EXCERPTED DATA |
Definition Shat (a b c : nat -> nat -> nat -> R) (n i j : nat) : LF :=
  lf_sum n (fun k => lf_scale (c i j k) (Yform a b i k)).

Definition linear_code (ss rs sz rz : R) (D E : R) (m n : nat)
    (a b c : nat -> nat -> nat -> R) : Prop :=
  (forall i : nat, (i < 2)%nat ->
     rsum m (fun j => second_moment ss rs sz rz m n
                        (lf_sub (lf_S i j) (Shat a b c n i j)))
     <= INR m * D)
  /\ rsum n (fun k => second_moment ss rs sz rz m n (Xform a b k)) <= INR m * E.

Definition lin_achievable (ss rs sz rz D E : R) : Prop :=
  forall eps : R, 0 < eps ->
    exists (m n : nat) (a b c : nat -> nat -> nat -> R),
      (0 < m)%nat /\ linear_code ss rs sz rz (D + eps) (E + eps) m n a b c.

Definition D_th (ss rs rz : R) : R := ss * (2 - rz - Rabs rs) / (2 - rz).

Definition E_OL (ss rs sz rz D : R) : R :=
  if Rle_dec (D_th ss rs rz) D then
    2 * sz / (3 - rz) *
      ln (ss * (1 + Rabs rs) / (D + (2 - rz) * (D - ss) + ss * Rabs rs))
  else
    2 * sz * ( ln ((2 - rz - Rabs rs) * ss / ((2 - rz) * D))
             + / (3 - rz) * ln ((2 - rz) * (1 + Rabs rs) / (2 - rz - Rabs rs))).

From Stdlib Require Import Reals Lra Lia ZArith FunctionalExtensionality.
Open Scope R_scope.

(* A single source pair suffices.  Through the feedback the encoder knows both
   receivers' estimation errors [E0], [E1]; at every channel use it sends a combination
   of them of power [t sz], and each receiver makes an LMMSE correction, so the error
   covariance follows an explicit recursion.  In an Ozarow-Leung phase the encoder
   sends [E0 + s E1] with [s = sign rs]: the two error variances stay equal,
   [var + s C] shrinks by the factor [(1 + t (1 + rz) / 2) / (1 + t)^2] per use, and
   [(2 - rz) var - s C] never grows, so [var] reaches any [Dm >= D_th].  Then each
   error is sent alone and shrinks by [1 / (1 + t)] per use, from [Dm] to [D].  As
   [t -> 0] the energy spent tends to [E_OL D], with [Dm = max D D_th]. *)

Lemma div_nonneg x y : 0 <= x -> 0 < y -> 0 <= x / y.
Proof. intros Hx Hy; apply Rmult_le_pos; [exact Hx | apply Rlt_le, Rinv_0_lt_compat, Hy]. Qed.

Lemma rsum_ext n f g : (forall l, (l < n)%nat -> f l = g l) -> rsum n f = rsum n g.
Proof.
  induction n as [|n IH]; intros Hfg; cbn [rsum]; [reflexivity|].
  rewrite IH, Hfg; [reflexivity | lia | intros; apply Hfg; lia].
Qed.
Definition inW (n : nat) (t : tile) : Prop :=
  exists i j, [/\ 1 <= i <= n, 1 <= j <= n &
    t = mkt (lab 1 1 i.+1) (lab 1 1 j.+1) (lab 1 1 i) (lab 1 1 j)].
Definition inB' (n : nat) (t : tile) : Prop :=
  exists i, i <= n /\ t = mkt (lab 0 0 i.+1) (lab 1 1 1) (lab 0 0 i) (lab 1 1 n).
Definition inG (n : nat) (t : tile) : Prop :=
  exists i, i <= n /\ t = mkt (lab 0 1 i.+1) (lab 1 1 1) (lab 0 0 i) (lab 1 1 n.+1).
Definition inY (n : nat) (t : tile) : Prop :=
  exists i, 1 <= i <= n /\ t = mkt (lab 0 1 i.+1) (lab 1 1 2) (lab 0 1 i) (lab 1 1 n.+1).
Definition inA (n : nat) (t : tile) : Prop :=
  exists i, 1 <= i <= n /\ t = mkt (lab 0 0 i.+1) (lab 1 1 2) (lab 0 1 i) (lab 1 1 n).

Definition okpair (k l : nat) : Prop := (k, l) = (0, 0) \/ (k, l) = (0, 1) \/ (k, l) = (1, 1).
Definition inJ' (n : nat) (t : tile) : Prop :=
  exists k l r s, [/\ okpair k l, okpair r s &
    t = mkt (lab 0 k l) (lab 0 r s) (lab 0 s (r + n)) (lab 0 l (k + n))].

Definition inhat (S : tile -> Prop) (t : tile) : Prop := exists s, S s /\ t = hat s.

Definition inT' (n : nat) (t : tile) : Prop :=
  inW n t \/ inB' n t \/ inG n t \/ inY n t \/ inA n t \/
  inhat (inB' n) t \/ inhat (inG n) t \/ inhat (inY n) t \/ inhat (inA n) t \/
  inJ' n t.

Definition tau (n : nat) (v : label) : seq label :=
  let: (x, y, z) := v in
  if x != z then
    lab 0 (x + 1 - y) n :: nseq (z - x - 1) (lab 1 1 n) ++ nseq (n + 1 - z) (lab 1 1 n.+1)
  else
    lab 0 (x + 1 - y) n.+1 :: nseq (n - z) (lab 1 1 n.+1).

(* A rectangular pattern of width w and height h: f i j is the tile in
   column i (0 <= i < w, left to right) and row j (0 <= j < h, bottom to top). *)
Definition valid_pattern (T : tile -> Prop) (w h : nat) (f : nat -> nat -> tile) : Prop :=
  [/\ forall i j, i < w -> j < h -> T (f i j),
      forall i j, i.+1 < w -> j < h -> RIGHT (f i j) = LEFT (f i.+1 j) &
      forall i j, i < w -> j.+1 < h -> TOP (f i j) = BOTTOM (f i j.+1)].

Definition bottom_labels (w h : nat) (f : nat -> nat -> tile) : seq label :=
  [seq BOTTOM (f i 0) | i <- iota 0 w].
Definition top_labels (w h : nat) (f : nat -> nat -> tile) : seq label :=
  [seq TOP (f i h.-1) | i <- iota 0 w].
Definition left_labels (w h : nat) (f : nat -> nat -> tile) : seq label :=
  [seq LEFT (f 0 j) | j <- iota 0 h].
Definition right_labels (w h : nat) (f : nat -> nat -> tile) : seq label :=
  [seq RIGHT (f w.-1 j) | j <- iota 0 h].

From mathcomp Require Import all_boot zify.

Set Implicit Arguments.
Unset Strict Implicit.
Unset Printing Implicit Defensive.
Lemma ballot_catalan (n : nat) : INR (ballot 0 (2 * n)) = catalan n.
Proof.
  unfold catalan, central. destruct n as [|k].
  - change (2 * 0)%nat with 0%nat. rewrite ballot_0, binom_0. simpl. lra.
  - pose proof (ballot_binom (2 * S k) 0 (S k) ltac:(lia)) as H.
    pose proof (binom_below_central k). pose proof (pos_INR k). rewrite S_INR.
    apply (Rmult_eq_reg_r (INR k + 1 + 1)); [|lra]. field_simplify; [|lra].
    apply (Rmult_eq_reg_r (INR k + 2)); [|lra]. nra.
Qed.

Lemma ell_dyck_closed (m : nat) :
  INR (ell_dyck (S m)) = central (S m) * INR m / (2 * (INR m + 2)).
Proof.
  pose proof (ell_dyck_ballot (S m) ltac:(lia)) as H.
  replace (2 * S m - 2)%nat with (2 * m)%nat in H by lia.
  replace (2 * S m - 1)%nat with (S (2 * m)) in H by lia.
  apply (f_equal INR) in H. rewrite plus_INR, mult_INR, !ballot_catalan, S_INR, mult_INR in H.
  unfold catalan in H. rewrite S_INR in H. simpl (INR 2) in H.
  pose proof (central_succ m) as Hr. pose proof (pos_INR m).
  assert (Hc : central m = central (S m) * (INR m + 1) / (2 * (2 * INR m + 1)))
    by (rewrite Hr; field; lra).
  rewrite Hc in H. apply (Rplus_eq_reg_r (central (S m) / (INR m + 1 + 1))).
  rewrite H. field. lra.
Qed.

Lemma ell_dyck_binomial (n : nat) : (2 <= n)%nat ->
  INR (ell_dyck n) = / 2 * C (2 * n) n * (INR n - 1) / (INR n + 1) /\
  INR (ell_dyck n) = C (2 * n - 1) (n - 2).
Proof.
  intros Hn. destruct n as [|[|k]]; try lia.
  pose proof (binom_odd_vs_central k) as Hodd. pose proof (pos_INR k).
  rewrite ell_dyck_closed, !S_INR.
  change (C (2 * S (S k)) (S (S k))) with (central (S (S k))) in *.
  split; [field; lra|].
  replace (S (S k) - 2)%nat with k by lia.
  apply (Rmult_eq_reg_r (2 * (INR k + 3))); [|lra]. rewrite Hodd. field. lra.
Qed.

Lemma hasse_index_formula (n : nat) : (1 <= n)%nat -> hasse_index_dyck n = (INR n - 1) / 2.
Proof.
  intros Hn. destruct n as [|m]; [lia|]. unfold hasse_index_dyck.
  change (length (dyck (S m))) with (ballot 0 (2 * S m)).
  rewrite ballot_catalan, ell_dyck_closed. unfold catalan.
  pose proof (binom_pos (2 * S m) (S m)) as Hpos. fold (central (S m)) in Hpos.
  pose proof (pos_INR m). rewrite !S_INR. field. lra.
Qed.

Lemma hasse_index_asymptotic : Un_cv (fun n => hasse_index_dyck n / (INR n / 2)) 1.
Proof.
  intros eps Heps. destruct (INR_unbounded (/ eps)) as [N HN].
  exists (S N). intros n Hn. unfold R_dist. rewrite hasse_index_formula by lia.
  assert (HnN : INR N < INR n) by (apply lt_INR; lia).
  assert (Hpos : 0 < INR n) by (pose proof (pos_INR N); lra).
  replace ((INR n - 1) / 2 / (INR n / 2) - 1) with (- / INR n) by (field; lra).
  rewrite Rabs_Ropp, Rabs_right by (left; apply Rinv_0_lt_compat; lra).
  apply (Rmult_lt_reg_r (INR n)); [lra|]. rewrite Rinv_l by lra.
  apply (Rmult_lt_reg_l (/ eps)); [apply Rinv_0_lt_compat; lra|].
  rewrite <- Rmult_assoc, Rinv_l by lra. lra.
Qed.

(* C(2n, n) <= 4^n, so the central binomial series converges on |x| < 1/4. *)
Lemma central_bound (n : nat) : 0 < central n <= 4 ^ n.
Proof.
  induction n as [|n IH]; [rewrite central_0; simpl; lra|].
  split; [apply binom_pos|].
  pose proof (central_succ n) as Hr. pose proof (pos_INR n).
  assert (E : central (S n) = central n * (2 * (2 * INR n + 1)) / (INR n + 1))
    by (rewrite <- Hr; field; lra).
  rewrite E. simpl. apply (Rmult_le_reg_r (INR n + 1)); [lra|]. field_simplify; [|lra]. nra.
Qed.

Lemma central_radius : Rbar_le (Finite (/ 4)) (CV_radius central).
Proof.
  apply (proj1 (CV_radius_bounded central)). exists 1. intros n.
  destruct (central_bound n) as [H1 H2]. pose proof (pow_lt 4 n ltac:(lra)) as H4.
  rewrite pow_inv. rewrite Rabs_right.
  - apply (Rmult_le_reg_r (4 ^ n)); [exact H4|].
    rewrite Rmult_assoc, Rinv_l, Rmult_1_r, Rmult_1_l by lra. exact H2.
  - apply Rle_ge, Rmult_le_pos; [lra|]. left; now apply Rinv_0_lt_compat.
Qed.

Lemma central_inside (x : R) : Rabs x < / 4 -> Rbar_lt (Finite (Rabs x)) (CV_radius central).
Proof.
  intros Hx. pose proof central_radius. destruct (CV_radius central); simpl in *; auto; lra.
Qed.

(* Coefficientwise form of the differential equation 2 f = f' - 4 x f'. *)
Lemma central_ode_coeff (n : nat) :
  PS_scal 2 central n = PS_minus (PS_derive central) (PS_scal 4 (PS_incr_1 (PS_derive central))) n.
Proof.
  assert (Hd : forall k, PS_derive central k = central k * (2 * (2 * INR k + 1))).
  { intros k. unfold PS_derive. rewrite S_INR, Rmult_comm. apply central_succ. }
  unfold PS_minus, PS_scal, PS_incr_1, plus, opp, scal, mult; simpl.
  unfold plus, opp, scal, mult; simpl.
  destruct n as [|k]; rewrite !Hd; [unfold zero; simpl; ring|].
  pose proof (central_succ k). rewrite S_INR. lra.
Qed.

Lemma central_ode (x : R) : Rabs x < / 4 ->
  (1 - 4 * x) * PSeries (PS_derive central) x = 2 * PSeries central x.
Proof.
  intros Hx. pose proof (ex_pseries_derive central x (central_inside x Hx)) as Hd.
  rewrite <- (PSeries_scal 2 central x), (PSeries_ext _ _ x central_ode_coeff).
  rewrite PSeries_minus, PSeries_scal, PSeries_incr_1; [ring | exact Hd|].
  apply ex_pseries_scal; [apply Rmult_comm | now apply ex_pseries_incr_1].
Qed.

Lemma central_sqrt_derive (x : R) : Rabs x < / 4 ->
  is_derive (fun y => PSeries central y * sqrt (1 - 4 * y)) x 0.
Proof.
  intros Hx. assert (Hx' : 1 - 4 * x > 0) by (apply Rabs_def2 in Hx; lra).
  assert (Hs : 0 < sqrt (1 - 4 * x)) by now apply sqrt_lt_R0.
  assert (Hsqrt : is_derive (fun y => sqrt (1 - 4 * y)) x (-2 / sqrt (1 - 4 * x))).
  { auto_derive; [lra|]. replace (1 + - (4 * x)) with (1 - 4 * x) by ring. field. lra. }
  pose proof (is_derive_mult _ _ _ _ _ (is_derive_PSeries central x (central_inside x Hx)) Hsqrt)
    as H.
  replace 0 with (PSeries (PS_derive central) x * sqrt (1 - 4 * x) +
                  PSeries central x * (-2 / sqrt (1 - 4 * x))); [exact H|].
  pose proof (central_ode x Hx) as E. pose proof (sqrt_sqrt (1 - 4 * x) ltac:(lra)) as Hss.
  apply (Rmult_eq_reg_r (sqrt (1 - 4 * x))); [|lra].
  field_simplify; [|lra]. rewrite <- Rsqr_pow2. unfold Rsqr. rewrite Hss. lra.
Qed.
(* Let $\mathcal L$ be a finite lattice and $C\subseteq\bar{\mathcal L}$ a crosscut. Let $\bar{\mathcal L}_C$ be the set of elements of $\bar{\mathcal L}$ that are either the join of a nonempty subset of $C$ or the meet of a nonempty subset of $C$, with the induced order. Then $\Delta(\bar{\mathcal L})$ collapses onto $\Delta(\bar{\mathcal L}_C)$.
   Context: For a finite lattice $\mathcal L$ with minimum $\hat0$ and maximum $\hat1$, $\bar{\mathcal L}=\mathcal L\setminus\{\hat0,\hat1\}$. A crosscut is a subset $C\subseteq\bar{\mathcal L}$ that is an antichain and such that for every chain $\gamma$ of $\mathcal L$ there exists $x\in C$ with $\gamma\cup\{x\}$ a chain. $\Delta(Q)$ denotes the order complex of a poset $Q$ (simplices = nonempty chains). *)

From HB Require Import structures.
From mathcomp Require Import all_boot all_order.
Set Implicit Arguments. Unset Strict Implicit. Unset Printing Implicit Defensive.
Import Order.TTheory.
Local Open Scope order_scope.

(* Finite simplicial complexes on a finite vertex type T are represented as
   sets of faces ({set {set T}}). *)

Section Defs.
Context {d : Order.disp_t} {L : finTBLatticeType d}.

Definition is_chain (s : {set L}) : bool :=
  [forall x in s, forall y in s, x >=< y].

Definition Lbar : {set L} := [set x : L | (x != \bot) && (x != \top)].
(* Let $\dot\Sigma_0=\{\cap_{\mathrm{I}},\cap_{\mathrm{D}},\cdot_{\mathrm{D}},\smile\}\subseteq\dot\Sigma$, where $\cap_{\mathrm{I}}$, $\cap_{\mathrm{D}}$, $\cdot_{\mathrm{D}}$ denote the characters $(\_\cap\mathrm{I})$, $(\_\cap\mathrm{D})$, $(\_\cdot\mathrm{D})$ respectively. If $\dot\Sigma_0^*/{\dot\sim_{\mathrm{REL}_{\ge 5}}}$ is finite, then $\dot\Sigma^*/{\dot\sim_{\mathrm{REL}_{\ge 5}}}$ is finite.
   Context: Fix a non-empty finite set $V$ of variables. Consider terms over variables, binary $\cap$, binary $\cdot$, constants $\mathrm{I},\mathrm{D}$ and unary converse $\smile$, interpreted in a structure $M$ (a non-empty set $|M|$ with a binary relation $a^M\subseteq|M|^2$ for each $a\in V$) by $[\![a]\!]_M=a^M$, $\cap$ as intersection, $[\![\mathrm{I}]\!]_M=\{(x,y):x=y\}$, $[\![\mathrm{D}]\!]_M=\{(x,y):x\ne y\}$, $R\cdot S=\{(x,y):\exists z,(x,z)\in R\wedge(z,y)\in S\}$, $R^{\smile}=\{(x,y):(y,x)\in R\}$. $\mathrm{REL}_{\ge 5}$ is the class of structures with at least $5$ elements, and $t\sim_{\mathrm{REL}_{\ge5}}s$ iff $[\![t]\!]_M=[\![s]\!]_M$ for all $M\in\mathrm{REL}_{\ge5}$. $\dot\Sigma$ is the set of characters $(\_\cap t)$, $(t\cap\_)$, $(\_\cdot t)$, $(t\cdot\_)$ for all variable-free such terms $t$, together with the character $\smile$. For $w\in\dot\Sigma^*$ and a term $t$, $w[t]$ is defined by $\varepsilon[t]=t$, $((\_\cap s)w')[t]=w'[t]\cap s$, $((s\cap\_)w')[t]=s\cap w'[t]$, $((\_\cdot s)w')[t]=w'[t]\cdot s$, $((s\cdot\_)w')[t]=s\cdot w'[t]$, $(\smile w')[t]=(w'[t])^{\smile}$. $w\ \dot\sim_{\mathrm{REL}_{\ge5}}\ w'$ iff $w[a]\sim_{\mathrm{REL}_{\ge 5}}w'[a]$ for any variable $a\in V$ (considered on $\dot\Sigma^*$ and on $\dot\Sigma_0^*$). *)

From Stdlib Require List.
From mathcomp Require Import all_boot.
Set Implicit Arguments. Unset Strict Implicit. Unset Printing Implicit Defensive.

Inductive term (X : Type) : Type :=
| tVar  : X -> term X
| tCap  : term X -> term X -> term X
| tComp : term X -> term X -> term X
| tI    : term X
| tD    : term X
| tConv : term X -> term X.
Arguments tI {X}. Arguments tD {X}.

Definition cterm := term Empty_set.

Fixpoint cterm_embed (X : Type) (t : cterm) : term X :=
  match t with
  | tVar e => match e with end
  | tCap s u => tCap (cterm_embed X s) (cterm_embed X u)
  | tComp s u => tComp (cterm_embed X s) (cterm_embed X u)
  | tI => tI
  | tD => tD
  | tConv s => tConv (cterm_embed X s)
  end.

Fixpoint sem (X T : Type) (rel : X -> T -> T -> Prop) (t : term X) : T -> T -> Prop :=
  match t with
  | tVar a => rel a
  | tCap s u => fun x y => sem rel s x y /\ sem rel u x y
  | tComp s u => fun x y => exists z, sem rel s x z /\ sem rel u z y
  | tI => fun x y => x = y
  | tD => fun x y => x <> y
  | tConv s => fun x y => sem rel s y x
  end.

Definition atleast5 (T : Type) : Prop :=
  exists f : nat -> T, forall i j, i < 5 -> j < 5 -> f i = f j -> i = j.

Definition equiv_REL5 (X : Type) (t s : term X) : Prop :=
  forall (T : Type) (rel : X -> T -> T -> Prop), atleast5 T ->
    forall x y, sem rel t x y <-> sem rel s x y.

Inductive dchar : Type :=
| cCapR  : cterm -> dchar
| cCapL  : cterm -> dchar
| cCompR : cterm -> dchar
| cCompL : cterm -> dchar
| cConv  : dchar.

Definition apply_char (X : Type) (c : dchar) (t : term X) : term X :=
  match c with
  | cCapR s => tCap t (cterm_embed X s)
  | cCapL s => tCap (cterm_embed X s) t
  | cCompR s => tComp t (cterm_embed X s)
  | cCompL s => tComp (cterm_embed X s) t
  | cConv => tConv t
  end.

Fixpoint plug (X : Type) (w : seq dchar) (t : term X) : term X :=
  match w with
  | [::] => t
  | c :: w' => apply_char c (plug w' t)
  end.

Definition dequiv (V : Type) (w w' : seq dchar) : Prop :=
  forall a : V, equiv_REL5 (plug w (tVar a)) (plug w' (tVar a)).

Inductive dchar0 : Type := c0CapI | c0CapD | c0CompD | c0Conv.

Definition char0_embed (c : dchar0) : dchar :=
  match c with
  | c0CapI => cCapR tI
  | c0CapD => cCapR tD
  | c0CompD => cCompR tD
  | c0Conv => cConv
  end.

Definition word0_embed (w : seq dchar0) : seq dchar := map char0_embed w.

Definition finite_quotient (A : Type) (R : A -> A -> Prop) : Prop :=
  exists reps : seq A, forall w, exists2 r, List.In r reps & R w r.

From mathcomp Require Import all_boot.
From Stdlib Require Import Classical Setoid.
From Stdlib Require List.

(* In a structure with at least three elements a variable-free term denotes
   one of the four relations 0, I, D and the full relation 1, the last being
   D . D because any two points can be avoided by a third one.  Hence every
   character of Sigma-dot acts on relations like a word over Sigma-dot_0:
   intersecting with 0, I, D or 1 is ∩I∩D, ∩I, ∩D or nothing; composing on the
   right with 0, I, D or 1 is ∩I∩D, nothing, ·D or ·D·D; composing on the left
   is the converse of composing on the right.  Translating words letter by
   letter therefore preserves their meaning, so Sigma-dot_0 representatives of
   the finitely many classes also represent every class of Sigma-dot^*. *)

(* A shape [(i, d)] records whether a constant relation contains the diagonal
   and whether it contains the off-diagonal pairs. *)
Definition shape_rel {T : Type} (p : bool * bool) (x y : T) : Prop :=
  match p with
  | (true, true) => True
  | (true, false) => x = y
  | (false, true) => x <> y
  | (false, false) => False
  end.

Definition shape_cap (p q : bool * bool) : bool * bool := (p.1 && q.1, p.2 && q.2).

Definition shape_comp (p q : bool * bool) : bool * bool :=
  (p.1 && q.1 || p.2 && q.2, p.1 && q.2 || p.2 && q.1 || p.2 && q.2).

Fixpoint cterm_shape (t : cterm) : bool * bool :=
  match t with
  | tVar e => match e with end
  | tCap s u => shape_cap (cterm_shape s) (cterm_shape u)
  | tComp s u => shape_comp (cterm_shape s) (cterm_shape u)
  | tI => (true, false)
  | tD => (false, true)
  | tConv s => cterm_shape s
  end.

Definition cap_word (p : bool * bool) : seq dchar0 :=
  (if p.2 then [::] else [:: c0CapI]) ++ (if p.1 then [::] else [:: c0CapD]).

Definition comp_word (p : bool * bool) : seq dchar0 :=
  match p with
  | (true, true) => [:: c0CompD; c0CompD]
  | (true, false) => [::]
  | (false, true) => [:: c0CompD]
  | (false, false) => [:: c0CapI; c0CapD]
  end.

Definition char_word0 (c : dchar) : seq dchar0 :=
  match c with
  | cCapR s | cCapL s => cap_word (cterm_shape s)
  | cCompR s => comp_word (cterm_shape s)
  | cCompL s => c0Conv :: comp_word (cterm_shape s) ++ [:: c0Conv]
  | cConv => [:: c0Conv]
  end.

Definition word0_of (w : seq dchar) : seq dchar0 := flatten (map char_word0 w).

Lemma atleast5_third_point {T : Type} :
  atleast5 T -> forall x y : T, exists z, z <> x /\ z <> y.
Proof.
move=> [f f_inj] x y.
have f_neq i j : i < 5 -> j < 5 -> i != j -> f i <> f j.
  by move=> ilt jlt /eqP ij /(f_inj _ _ ilt jlt).
have n01 : f 0 <> f 1 by apply: f_neq.
have n02 : f 0 <> f 2 by apply: f_neq.
have n12 : f 1 <> f 2 by apply: f_neq.
case: (classic (f 0 = x \/ f 0 = y)) => [f0|]; last by exists (f 0); tauto.
case: (classic (f 1 = x \/ f 1 = y)) => [f1|]; last by exists (f 1); tauto.
case: (classic (f 2 = x \/ f 2 = y)) => [f2|]; last by exists (f 2); tauto.
by case: f0 f1 f2 => [] e0 [] e1 [] e2; congruence.
Qed.

Lemma shape_rel_sym (T : Type) p (x y : T) : shape_rel p y x <-> shape_rel p x y.
Proof. by case: p => [[] []] /=; split=> // ? ?; auto. Qed.

Lemma shape_relI (T : Type) p q (x y : T) :
  shape_rel p x y /\ shape_rel q x y <-> shape_rel (shape_cap p q) x y.
Proof. by case: p q => [[] []] [[] []] /=; tauto. Qed.

Lemma plug_cat (X : Type) (u v : seq dchar) (t : term X) :
  plug (u ++ v) t = plug u (plug v t).
Proof. by elim: u => //= c u ->. Qed.

Lemma word0_embed_cat (u v : seq dchar0) :
  word0_embed (u ++ v) = word0_embed u ++ word0_embed v.
Proof. exact: map_cat. Qed.

Lemma sem_plug_congr (X T : Type) (rel : X -> T -> T -> Prop) (w : seq dchar) (t t' : term X) :
  (forall x y, sem rel t x y <-> sem rel t' x y) ->
  forall x y, sem rel (plug w t) x y <-> sem rel (plug w t') x y.
Proof.
move=> tt'; elim: w => //= c w IHw.
by case: c => [s|s|s|s|] x y /=; setoid_rewrite IHw.
Qed.

Section Semantics.

Variables (X T : Type) (rel : X -> T -> T -> Prop).
Hypothesis third_point : forall x y : T, exists z, z <> x /\ z <> y.

Lemma shape_rel_comp p q (x y : T) :
  (exists z, shape_rel p x z /\ shape_rel q z y) <-> shape_rel (shape_comp p q) x y.
Proof.
have [w [wx wy]] := third_point x y.
split=> [[z []]|].
  by case: p q => [[] []] [[] []] //= *; subst; auto; congruence.
case: (classic (x = y)) => [<-|nxy];
by case: p q => [[] []] [[] []] //= *;
  solve [exists x; intuition | exists y; intuition | exists w; intuition].
Qed.

Lemma sem_cterm_embed (t : cterm) (x y : T) :
  sem rel (cterm_embed X t) x y <-> shape_rel (cterm_shape t) x y.
Proof.
elim: t x y => [[]|s IHs u IHu|s IHs u IHu| | |s IHs] x y //=.
- by rewrite IHs IHu shape_relI.
- by setoid_rewrite IHs; setoid_rewrite IHu; apply: shape_rel_comp.
- by rewrite IHs shape_rel_sym.
Qed.

Lemma sem_cap_word p (t : term X) (x y : T) :
  sem rel (plug (word0_embed (cap_word p)) t) x y <-> sem rel t x y /\ shape_rel p x y.
Proof. by case: p => [[] []] /=; tauto. Qed.

Lemma sem_comp_word p (t : term X) (x y : T) :
  sem rel (plug (word0_embed (comp_word p)) t) x y <->
  exists z, sem rel t x z /\ shape_rel p z y.
Proof.
case: p => [[] []] /=.
- split=> [[z [[z' [tz' _]] _]]|[z [tz _]]]; first by exists z'.
  have [w [wz wy]] := third_point z y.
  by exists w; split=> //; exists z; split=> // zw; apply: wz.
- by split=> [txy|[z [txz <-]]]; first exists y.
- by [].
- by split=> [[[_ ?] ?]|[? []]].
Qed.

Lemma sem_char_word0 c (t : term X) (x y : T) :
  sem rel (apply_char c t) x y <-> sem rel (plug (word0_embed (char_word0 c)) t) x y.
Proof.
case: c => [s|s|s|s|] /=.
- by rewrite sem_cap_word sem_cterm_embed.
- by rewrite sem_cap_word sem_cterm_embed; tauto.
- by rewrite sem_comp_word; setoid_rewrite sem_cterm_embed.
- rewrite word0_embed_cat plug_cat sem_comp_word /=.
  setoid_rewrite sem_cterm_embed.
  by split=> -[z [? ?]]; exists z; rewrite shape_rel_sym.
- by [].
Qed.

Lemma sem_word0_of w (t : term X) (x y : T) :
  sem rel (plug w t) x y <-> sem rel (plug (word0_embed (word0_of w)) t) x y.
Proof.
elim: w x y => [//|c w IHw] x y.
rewrite /word0_of /= -/(word0_of w) word0_embed_cat plug_cat sem_char_word0.
exact: sem_plug_congr.
Qed.

End Semantics.

Lemma finite_quotient_pullback {A B : Type} {R : A -> A -> Prop} {S : B -> B -> Prop}
    (f : A -> B) (g : B -> A) :
  (forall a b, S (f a) b -> R a (g b)) -> finite_quotient S -> finite_quotient R.
Proof.
move=> SR [reps reps_cover]; exists (map g reps) => a.
have [b b_rep ab] := reps_cover (f a).
by exists (g b); [exact: List.in_map | exact: SR].
Qed.

Theorem lemma4p12 (V : finType) (HV : 0 < #|V|) :
  finite_quotient (fun w w' : seq dchar0 =>
                     dequiv V (word0_embed w) (word0_embed w')) ->
  finite_quotient (fun w w' : seq dchar => dequiv V w w').
Proof.
apply: (finite_quotient_pullback word0_of word0_embed) => w w' ww' a T rel T5 x y.
rewrite (sem_word0_of _ _ rel (atleast5_third_point T5)).
exact: ww'.
Qed.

INSTRUCTIONS TO FOLLOW | Give back exactly the lines above, from the line containing "Lemma shape_rel_comp p" through the line containing "- split=> [[z", with both end lines and nothing more.

WRITTEN RESPONSE |
Lemma shape_rel_comp p q (x y : T) :
  (exists z, shape_rel p x z /\ shape_rel q z y) <-> shape_rel (shape_comp p q) x y.
Proof.
have [w [wx wy]] := third_point x y.
split=> [[z []]|].
  by case: p q => [[] []] [[] []] //= *; subst; auto; congruence.
case: (classic (x = y)) => [<-|nxy];
by case: p q => [[] []] [[] []] //= *;
  solve [exists x; intuition | exists y; intuition | exists w; intuition].
Qed.

Lemma sem_cterm_embed (t : cterm) (x y : T) :
  sem rel (cterm_embed X t) x y <-> shape_rel (cterm_shape t) x y.
Proof.
elim: t x y => [[]|s IHs u IHu|s IHs u IHu| | |s IHs] x y //=.
- by rewrite IHs IHu shape_relI.
- by setoid_rewrite IHs; setoid_rewrite IHu; apply: shape_rel_comp.
- by rewrite IHs shape_rel_sym.
Qed.

Lemma sem_cap_word p (t : term X) (x y : T) :
  sem rel (plug (word0_embed (cap_word p)) t) x y <-> sem rel t x y /\ shape_rel p x y.
Proof. by case: p => [[] []] /=; tauto. Qed.

Lemma sem_comp_word p (t : term X) (x y : T) :
  sem rel (plug (word0_embed (comp_word p)) t) x y <->
  exists z, sem rel t x z /\ shape_rel p z y.
Proof.
case: p => [[] []] /=.
- split=> [[z [[z' [tz' _]] _]]|[z [tz _]]]; first by exists z'.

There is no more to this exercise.